As Gas Prices Fall at the Pump, CA’s Gas Tax is Hard at Work Fixing Roads

A lane along the westbound 10 freeway is closed for Caltrans work on Thursday, Nov. 30, 2017 in Colton. You will be seeing more of this in the next few years because of the SB1 funding to help improve the freeways in the San Bernardino and Riverside counties. (Stan Lim, The Press-Enterprise/SCNG)

California motorists have seen a steady downward trend in gasoline prices recently. In the Los Angeles, Long Beach and San Diego areas, the average price of a gallon of regular self-serve has dropped 25 cents over the past 30 days. And motorists in Riverside County are saving 28 cents per gallon compared to last month’s prices at the pump. That’s more than double the 12-cent per gallon gas tax increase put in place by last year’s Senate Bill 1, the Road Repair and Accountability Act of 2017.

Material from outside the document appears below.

(* In the category of pointed Frölicher spaces, let $A\subseteq X$ be a subspace containing the basepoint such that $(X,A)$ is an SNDR pair, let $i:A\hookrightarrow X$ be the inclusion and $p:X\to X/A$ the quotient map. Then the sequence $A\xrightarrow{i}X\xrightarrow{p}X/A$ is right exact: for every pointed Frölicher space $W$ the sequence of pointed sets $[X/A,W]\xrightarrow{p^*}[X,W]\xrightarrow{i^*}[A,W]$ is exact, i.e. $\operatorname{im}p^*=(i^* )^{-1}(\ast)$.
   Context: A Frölicher space is a triple $(X,\mathcal C_X,\mathcal F_X)$ with $\mathcal C_X\subseteq X^{\mathbb R}$, $\mathcal F_X\subseteq\mathbb R^X$, such that $\mathcal F_X=\{f\mid f\circ c\in C^\infty(\mathbb R,\mathbb R)\ \forall c\in\mathcal C_X\}$ and $\mathcal C_X=\{c\mid f\circ c\in C^\infty(\mathbb R,\mathbb R)\ \forall f\in\mathcal F_X\}$. Smooth maps: $g\circ\varphi\in\mathcal F_X$ for all $g\in\mathcal F_Y$. Subspaces carry the initial structure, products the structure generated by $f\circ\pi_i$, quotients the final structure. $I$ is $[0,1]$ with the subspace structure from $\mathbb R$; $\mathbf I$ is $[0,1]$ with the structure generated by those structure functions of $I$ that are constant on $[0,\epsilon)$ and on $(1-\epsilon,1]$ for some $0<\epsilon<1/4$. Pointed Frölicher spaces have a distinguished basepoint; maps preserve basepoints. For pointed $X,W$, $[X,W]$ is the set of classes of basepoint-preserving smooth maps modulo pointed smooth homotopy (smooth $H:I\times X\to W$ with $H(t,x_0)=w_0$ for all $t$), pointed by the class of the constant map; $g^*$ denotes precomposition with $g$. FCIP: For a smooth $i:A\to X$ and a structure curve $x:\mathbb R\to X$ let $\Lambda(x,i)$ be the set of $s_*\in x^{-1}(i(A))$ that are limits of sequences $s_n\in x^{-1}(X\setminus i(A))$. A structure function $g$ on $\mathbf I\times X$ has the FCIP w.r.t. $i$ if $g\circ c$ is $C^\infty$ for every map $c=(t,x):\mathbb R\to[0,1]\times X$ with $x$ a structure curve and, for every $\epsilon>0$, $t$ $C^\infty$ on every open interval disjoint from $\bigcup_{s_*\in\Lambda(x,i)}[s_*-\epsilon,s_*+\epsilon]$; a map $g:\mathbf I\times X\to Z$ has the FCIP if $h\circ g$ does for all $h\in\mathcal F_Z$. SNDR pair: $(X,A)$ is an SNDR pair if there are a smooth $u:X\to\mathbf I$ with $u^{-1}(0)=A$ and a smooth $H:\mathbf I\times X\to X$ with the FCIP w.r.t. $i$, $H(0,x)=x$, $H(t,a)=a$ for $a\in A$, and $H(1,x)\in A$ whenever $u(x)<1$. *)

From Stdlib Require Import Reals Relations.
Open Scope R_scope.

When Prop 6 appeared on the November ballot aiming to repeal SB 1, Californian voters could not see the merits of repealing the transportation law’s taxes and fees, which were clearly designated for road repairs and public transportation.

This is probably not surprising to most Californians. Anyone who has driven a car over the past decade is aware that events far beyond the Golden State determine the cost of gasoline — and also painfully aware of the poor condition of California’s highways and bridges.

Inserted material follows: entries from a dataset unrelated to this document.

Lemma finite_argmax n (f : nat -> R) : (0 < n)%nat ->
  exists x, (x < n)%nat /\ forall y, (y < n)%nat -> f y <= f x.
Proof.
  intros Hn. destruct (finite_argmin n (fun x => - f x) Hn) as [x [Hx Hmin]].
  exists x; split; auto. intros y Hy; specialize (Hmin y Hy); lra.
Qed.

Lemma dot_ext m th a b : (forall i, (i < m)%nat -> a i = b i) -> dot m th a = dot m th b.
Proof. intros Hab; apply fsum_ext; intros i Hi; rewrite Hab; auto. Qed.

Lemma dot_lin_r m th a b c d :
  dot m th (fun i => c * a i + d * b i) = c * dot m th a + d * dot m th b.
Proof.
  unfold dot. rewrite <- !fsum_scal, <- fsum_plus. apply fsum_ext; intros; ring.
Qed.

Lemma dot_scal_l m t th a : dot m (fun i => t * th i) a = t * dot m th a.
Proof. unfold dot. rewrite <- fsum_scal. apply fsum_ext; intros; ring. Qed.

Lemma dot_sub_r m th a b : dot m th (fun i => a i - b i) = dot m th a - dot m th b.
Proof.
  rewrite (dot_ext m th _ (fun i => 1 * a i + (-1) * b i)) by (intros; ring).
  rewrite dot_lin_r. ring.
Qed.

Lemma dot_extend m th t w :
  dot (S m) (fun k => if Nat.eq_dec k m then t else th k) w = dot m th w + t * w m.
Proof.
  unfold dot; simpl. destruct (Nat.eq_dec m m) as [_|]; [|congruence].
  f_equal. apply fsum_ext; intros i Hi. destruct (Nat.eq_dec i m); [lia|auto].
Qed.

(** * Gordan's theorem of the alternative *)

Definition vec := nat -> R.

Inductive PosComb (l : list vec) : vec -> R -> Prop :=
| PosComb_nil : PosComb l (fun _ => 0) 0
| PosComb_add v s w c : PosComb l v s -> In w l -> 0 <= c ->
    PosComb l (fun k => v k + c * w k) (s + c).

Lemma PosComb_nonneg l v s : PosComb l v s -> 0 <= s.
Proof. induction 1; lra. Qed.

(* Fourier-Motzkin elimination of coordinate m: keep the vectors with zero
   m-th coordinate and add, for every pair wi, wj with positive resp. negative
   m-th coordinate, the combination of the two cancelling that coordinate. *)
Definition is_pos m (w : vec) : bool := if Rlt_dec 0 (w m) then true else false.
Definition is_neg m (w : vec) : bool := if Rlt_dec (w m) 0 then true else false.
Definition is_zero m (w : vec) : bool := if Req_EM_T (w m) 0 then true else false.

Lemma is_pos_spec m w : is_pos m w = true <-> 0 < w m.
Proof. unfold is_pos; destruct (Rlt_dec 0 (w m)); split; easy. Qed.
Lemma is_neg_spec m w : is_neg m w = true <-> w m < 0.
Proof. unfold is_neg; destruct (Rlt_dec (w m) 0); split; easy. Qed.
Lemma is_zero_spec m w : is_zero m w = true <-> w m = 0.
Proof. unfold is_zero; destruct (Req_EM_T (w m) 0); split; easy. Qed.

Definition cancel_comb m (wi wj : vec) : vec := fun k => (- wj m) * wi k + wi m * wj k.

Definition FM m (l : list vec) : list vec :=
  filter (is_zero m) l ++
  flat_map (fun wi => map (fun wj => cancel_comb m wi wj) (filter (is_neg m) l))
           (filter (is_pos m) l).

Lemma in_FM_zero m l w : In w l -> w m = 0 -> In w (FM m l).
Proof. intros. apply in_or_app; left; apply filter_In; rewrite is_zero_spec; auto. Qed.

Lemma in_FM_comb m l wi wj : In wi l -> 0 < wi m -> In wj l -> wj m < 0 ->
  In (cancel_comb m wi wj) (FM m l).
Proof.
  intros. apply in_or_app; right. apply in_flat_map. exists wi; split.
  - apply filter_In; rewrite is_pos_spec; auto.
  - apply in_map; apply filter_In; rewrite is_neg_spec; auto.
Qed.

Lemma in_FM_inv m l w : In w (FM m l) ->
  (In w l /\ w m = 0) \/
  exists wi wj, In wi l /\ 0 < wi m /\ In wj l /\ wj m < 0 /\ w = cancel_comb m wi wj.
Proof.
  intros Hw. apply in_app_or in Hw as [Hz|Hc].
  - left. apply filter_In in Hz as [? Hz]. apply is_zero_spec in Hz; auto.
  - right. apply in_flat_map in Hc as [wi [Hi Hj]]. apply in_map_iff in Hj as [wj [<- Hj]].
    apply filter_In in Hi as [? Hi]; apply filter_In in Hj as [? Hj].
    apply is_pos_spec in Hi; apply is_neg_spec in Hj. exists wi, wj; auto.
Qed.

Lemma FM_lift m l v s : PosComb (FM m l) v s ->
  exists v' s', PosComb l v' s' /\ (forall k, (k < m)%nat -> v' k = v k) /\ v' m = 0 /\
    (0 < s -> 0 < s').
Proof.
  induction 1 as [|v s w c Hv IH Hw Hc].
  - exists (fun _ => 0), 0; repeat split; [constructor|lra].
  - destruct IH as [v' [s' [Hv' [Hk [Hm Hs']]]]].
    pose proof (PosComb_nonneg _ _ _ Hv). pose proof (PosComb_nonneg _ _ _ Hv').
    destruct (in_FM_inv m l w Hw) as [[Hwl Hw0]|[wi [wj [Hi [Hip [Hj [Hjn ->]]]]]]].
    + exists (fun k => v' k + c * w k), (s' + c). repeat split.
      * constructor; auto.
      * intros k Hk'. rewrite Hk; auto.
      * rewrite Hm, Hw0; ring.
      * intros Hpos. destruct (Rlt_le_dec 0 s); [specialize (Hs' r)|]; lra.
    + assert (Hci : 0 <= c * - wj m) by (apply Rmult_le_pos; lra).
      assert (Hcj : 0 <= c * wi m) by (apply Rmult_le_pos; lra).
      exists (fun k => (v' k + (c * - wj m) * wi k) + (c * wi m) * wj k),
        (s' + c * - wj m + c * wi m). repeat split.
      * apply PosComb_add; [apply PosComb_add|..]; auto.
      * intros k Hk'. rewrite Hk; auto. unfold cancel_comb; ring.
      * rewrite Hm; ring.
      * intros Hpos. destruct (Rlt_le_dec 0 s); [specialize (Hs' r); lra|].
        assert (0 < c * wi m) by (apply Rmult_lt_0_compat; lra). lra.
Qed.

Lemma list_argmax (A : Type) (f : A -> R) l : l <> nil ->
  exists a, In a l /\ forall b, In b l -> f b <= f a.
Proof.
  induction l as [|a l IH]; intros Hl; [congruence|]. destruct l as [|a' l].
  - exists a; split; [left; auto|]; intros b [->|[]]; lra.
  - destruct IH as [b0 [Hb0 Hm]]; [congruence|].
    destruct (Rle_dec (f a) (f b0)).
    + exists b0; split; [right; auto|]. intros b [<-|Hb]; auto.
    + exists a; split; [left; auto|]. intros b [<-|Hb]; [lra|]. specialize (Hm b Hb); lra.
Qed.

Lemma separate_bounds (A : Type) (Ls Us : list A) (lo up : A -> R) :
  (forall a b, In a Ls -> In b Us -> lo a < up b) ->
  exists t, (forall a, In a Ls -> lo a < t) /\ (forall b, In b Us -> t < up b).
Proof.
  intros Hsep.
  destruct Ls as [|a0 Ls']; [|destruct (list_argmax A lo (a0 :: Ls')) as [a [Ha Hm]]; [congruence|]];
  (destruct Us as [|b0 Us'];
   [|destruct (list_argmax A (fun b => - up b) (b0 :: Us')) as [b [Hb Hm']]; [congruence|]]).
  - exists 0; split; intros _ [].
  - exists (up b - 1); split; [intros _ []|]. intros b' Hb'; specialize (Hm' b' Hb'); lra.
  - exists (lo a + 1); split; [|intros _ []]. intros a' Ha'; specialize (Hm a' Ha'); lra.
  - specialize (Hsep a b Ha Hb). exists ((lo a + up b) / 2); split.
    + intros a' Ha'; specialize (Hm a' Ha'); lra.
    + intros b' Hb'; specialize (Hm' b' Hb'); lra.
Qed.

Lemma affine_neg_pos d a t : 0 < a -> t < - d / a -> d + t * a < 0.
Proof.
  intros Ha Ht. apply (Rmult_lt_compat_r a) in Ht; auto.
  replace (- d / a * a) with (- d) in Ht by (field; lra). lra.
Qed.

Lemma affine_neg_neg d a t : a < 0 -> - d / a < t -> d + t * a < 0.
Proof.
  intros Ha Ht. apply (Rmult_lt_compat_r (- a)) in Ht; [|lra].
  replace (- d / a * - a) with d in Ht by (field; lra). lra.
Qed.

Lemma FM_extend m l th : (forall w, In w (FM m l) -> dot m th w < 0) ->
  exists th', forall w, In w l -> dot (S m) th' w < 0.
Proof.
  intros Hth. set (ratio := fun w : vec => - dot m th w / w m).
  destruct (separate_bounds vec (filter (is_neg m) l) (filter (is_pos m) l) ratio ratio)
    as [t [Hlo Hup]].
  { intros wj wi Hj Hi.
    apply filter_In in Hi as [Hil Hi]; apply filter_In in Hj as [Hjl Hj].
    apply is_pos_spec in Hi; apply is_neg_spec in Hj.
    specialize (Hth _ (in_FM_comb m l wi wj Hil Hi Hjl Hj)).
    unfold cancel_comb in Hth; rewrite dot_lin_r in Hth.
    assert (Hdiff : ratio wj - ratio wi
                    = (- wj m * dot m th wi + wi m * dot m th wj) / (wi m * - wj m))
      by (unfold ratio; field; lra).
    assert (0 < wi m * - wj m) by (apply Rmult_lt_0_compat; lra).
    assert (Hneg : (- wj m * dot m th wi + wi m * dot m th wj) / (wi m * - wj m) < 0).
    { apply Rdiv_neg_pos; auto. }
    lra. }
  exists (fun k => if Nat.eq_dec k m then t else th k). intros w Hw. rewrite dot_extend.
  destruct (Rlt_dec 0 (w m)) as [Hp|Hp]; [|destruct (Rlt_dec (w m) 0) as [Hn|Hn]].
  - apply affine_neg_pos; auto. apply Hup, filter_In. rewrite is_pos_spec; auto.
  - apply affine_neg_neg; auto. apply Hlo, filter_In. rewrite is_neg_spec; auto.
  - assert (Hz : w m = 0) by lra. specialize (Hth w (in_FM_zero m l w Hw Hz)).
    rewrite Hz; lra.
Qed.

Most voters understood that a small tax increase to fix roads would be dwarfed by swings in the global price of oil. And after 10 months of visible work on road and bridge projects, with Senate Bill 1 signs on highways across the state, there is much evidence of the tangible progress being made possible by the legislative package that invests $54 billion over the next decade to fix roads, freeways and bridges in communities across California.

“California voters were smart enough to know that a small tax increase for road repairs wouldn’t make much of a difference in the price of gasoline — and could make their commute safer,” says Chris Jennewein, Editor of the Times of San Diego.

Funds from SB 1 are continually being invested in projects to fix neighborhood streets, freeways and bridges in communities across California — and helping to create thousands of job opportunities by putting people to work rebuilding California.